(* The numerical core of the analysis of an almost idempotent 2x2 matrix A
   with trace tau near 2 is stated on the relevant moduli: x = |tau - 2|,
   v = |tau - 1|, w = |tau|, T = |tr E|, K = |2 tr E - tau (tau - 2)| and
   D = |det A|, where E = A^2 - A has norm at most dl < 3/100.
   First, x cannot lie in an interval [lo, hi] on which the lower bound
   (1 - hi)^2 ((2 - hi) lo - 2 T) for v^2 K exceeds the defect budget. *)
Lemma trace_gap_excluded (R : realFieldType) (x v w T K lo hi : R) :
  0 <= v -> 0 <= K -> T <= 43/1000 -> v * v * K <= 18/10000 ->
  w * x <= K + 2 * T -> 1 <= v + x -> 2 <= w + x ->
  0 <= lo -> lo <= x -> x <= hi -> hi <= 1 ->
  18/10000 < (1 - hi) * (1 - hi) * ((2 - hi) * lo - 86/1000) -> False.
Proof.
move=> v0 K0 T_small vK_small wx_le vx_ge wx_ge lo0 lox xhi hi1 big.
have wx : (2 - hi) * lo <= w * x.
  by apply: ler_pM => //; clear -hi1 wx_ge xhi; lra.
have vv : (1 - hi) * (1 - hi) <= v * v.
  by apply: ler_pM => //; clear -hi1 vx_ge xhi; lra.
have k : (2 - hi) * lo - 86/1000 <= K by clear -wx wx_le T_small; lra.
have k0 : 0 <= (2 - hi) * lo - 86/1000.
  case: (lerP 0 ((2 - hi) * lo - 86/1000)) => // k_neg.
  have : (1 - hi) * (1 - hi) * ((2 - hi) * lo - 86/1000) <= 0.
    by apply: mulr_ge0_le0; [rewrite mulr_ge0 // subr_ge0 | exact: ltW].
  by clear -big; lra.
have : (1 - hi) * (1 - hi) * ((2 - hi) * lo - 86/1000) <= v * v * K.
  by apply: ler_pM => //; rewrite mulr_ge0 // subr_ge0.
by clear -big vK_small; lra.
Qed.

(* Excluding [0.1, 0.95] this way, x <= 0.1, hence the bounds on D and v. *)
Lemma near_idempotent_numerics (R : realFieldType) (x v w T K D dl : R) :
  0 <= x -> 0 <= v -> 0 <= w -> 0 <= T -> 0 <= K -> 0 <= dl ->
  dl < 3/100 -> x < 95/100 ->
  T * T + v * v * K <= 2 * (dl * dl) ->
  w * x <= K + 2 * T -> 1 <= v + x -> 2 <= w + x -> v <= x + 1 ->
  w * v <= 2 * D + T ->
  83/100 <= D /\ v <= 11/10.
Proof.
move=> x0 v0 w0 T0 K0 dl0 dl_small x_small defect wx_le vx_ge wx_ge v_le wv_le.
have dl2 : dl * dl <= 3/100 * (3/100).
  by apply: ler_pM => //; clear -dl_small; lra.
have TT0 := mulr_ge0 T0 T0; have vK0 := mulr_ge0 (mulr_ge0 v0 v0) K0.
have T_small : T <= 43/1000.
  case: (lerP T (43/1000)) => // T_big.
  have : 43/1000 * (43/1000) <= T * T by apply: ler_pM => //; clear -T_big; lra.
  by clear -defect dl2 vK0; lra.
have vK_small : v * v * K <= 18/10000 by clear -defect dl2 TT0; lra.
have excl := trace_gap_excluded v0 K0 T_small vK_small wx_le vx_ge wx_ge.
have x_near0 : x <= 1/10.
  case: (lerP x (1/10)) => // x1; exfalso.
  case: (lerP x (3/10)) => x3; first by apply: (excl (1/10) (3/10)); clear -x1 x3; lra.
  case: (lerP x (8/10)) => x8; first by apply: (excl (3/10) (8/10)); clear -x3 x8; lra.
  case: (lerP x (9/10)) => x9; first by apply: (excl (8/10) (9/10)); clear -x8 x9; lra.
  by apply: (excl (9/10) (95/100)); clear -x9 x_small; lra.
have wv_big : 19/10 * (9/10) <= w * v.
  by apply: ler_pM => //; clear -x_near0 vx_ge wx_ge; lra.
by split; clear -wv_big wv_le T_small x_near0 v_le; lra.
Qed.

Section MatrixIdentities2.
Variable K : comPzRingType.
Implicit Types A Q X : 'M[K]_2.

Lemma ord2_cases (i : 'I_2) : i = 0 \/ i = 1.
Proof. by case: i => [[|[|//]]] ?; [left|right]; apply: val_inj. Qed.

Lemma mulmx2E A X i j : (A *m X) i j = A i 0 * X 0 j + A i 1 * X 1 j.
Proof.
rewrite mxE big_ord_recr big_ord_recr big_ord0 /= add0r.
by congr (_ + _); congr (A i _ * X _ j); apply: val_inj.
Qed.

Lemma mxtrace2E A : \tr A = A 0 0 + A 1 1.
Proof.
rewrite /mxtrace big_ord_recr big_ord_recr big_ord0 /= add0r.
by congr (_ + _); congr (A _ _); apply: val_inj.
Qed.

Definition det2 A := A 0 0 * A 1 1 - A 0 1 * A 1 0.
• • •
What you have to do
Please, from the entries above, set down exactly the lines from the one containing "by apply: ler_pM => //; clear -hi1 wx_ge" through the one containing "by split; clear", and only those.

Output
  by apply: ler_pM => //; clear -hi1 wx_ge xhi; lra.
have vv : (1 - hi) * (1 - hi) <= v * v.
  by apply: ler_pM => //; clear -hi1 vx_ge xhi; lra.
have k : (2 - hi) * lo - 86/1000 <= K by clear -wx wx_le T_small; lra.
have k0 : 0 <= (2 - hi) * lo - 86/1000.
  case: (lerP 0 ((2 - hi) * lo - 86/1000)) => // k_neg.
  have : (1 - hi) * (1 - hi) * ((2 - hi) * lo - 86/1000) <= 0.
    by apply: mulr_ge0_le0; [rewrite mulr_ge0 // subr_ge0 | exact: ltW].
  by clear -big; lra.
have : (1 - hi) * (1 - hi) * ((2 - hi) * lo - 86/1000) <= v * v * K.
  by apply: ler_pM => //; rewrite mulr_ge0 // subr_ge0.
by clear -big vK_small; lra.
Qed.

(* Excluding [0.1, 0.95] this way, x <= 0.1, hence the bounds on D and v. *)
Lemma near_idempotent_numerics (R : realFieldType) (x v w T K D dl : R) :
  0 <= x -> 0 <= v -> 0 <= w -> 0 <= T -> 0 <= K -> 0 <= dl ->
  dl < 3/100 -> x < 95/100 ->
  T * T + v * v * K <= 2 * (dl * dl) ->
  w * x <= K + 2 * T -> 1 <= v + x -> 2 <= w + x -> v <= x + 1 ->
  w * v <= 2 * D + T ->
  83/100 <= D /\ v <= 11/10.
Proof.
move=> x0 v0 w0 T0 K0 dl0 dl_small x_small defect wx_le vx_ge wx_ge v_le wv_le.
have dl2 : dl * dl <= 3/100 * (3/100).
  by apply: ler_pM => //; clear -dl_small; lra.
have TT0 := mulr_ge0 T0 T0; have vK0 := mulr_ge0 (mulr_ge0 v0 v0) K0.
have T_small : T <= 43/1000.
  case: (lerP T (43/1000)) => // T_big.
  have : 43/1000 * (43/1000) <= T * T by apply: ler_pM => //; clear -T_big; lra.
  by clear -defect dl2 vK0; lra.
have vK_small : v * v * K <= 18/10000 by clear -defect dl2 TT0; lra.
have excl := trace_gap_excluded v0 K0 T_small vK_small wx_le vx_ge wx_ge.
have x_near0 : x <= 1/10.
  case: (lerP x (1/10)) => // x1; exfalso.
  case: (lerP x (3/10)) => x3; first by apply: (excl (1/10) (3/10)); clear -x1 x3; lra.
  case: (lerP x (8/10)) => x8; first by apply: (excl (3/10) (8/10)); clear -x3 x8; lra.
  case: (lerP x (9/10)) => x9; first by apply: (excl (8/10) (9/10)); clear -x8 x9; lra.
  by apply: (excl (9/10) (95/100)); clear -x9 x_small; lra.
have wv_big : 19/10 * (9/10) <= w * v.
  by apply: ler_pM => //; clear -x_near0 vx_ge wx_ge; lra.
by split; clear -wv_big wv_le T_small x_near0 v_le; lra.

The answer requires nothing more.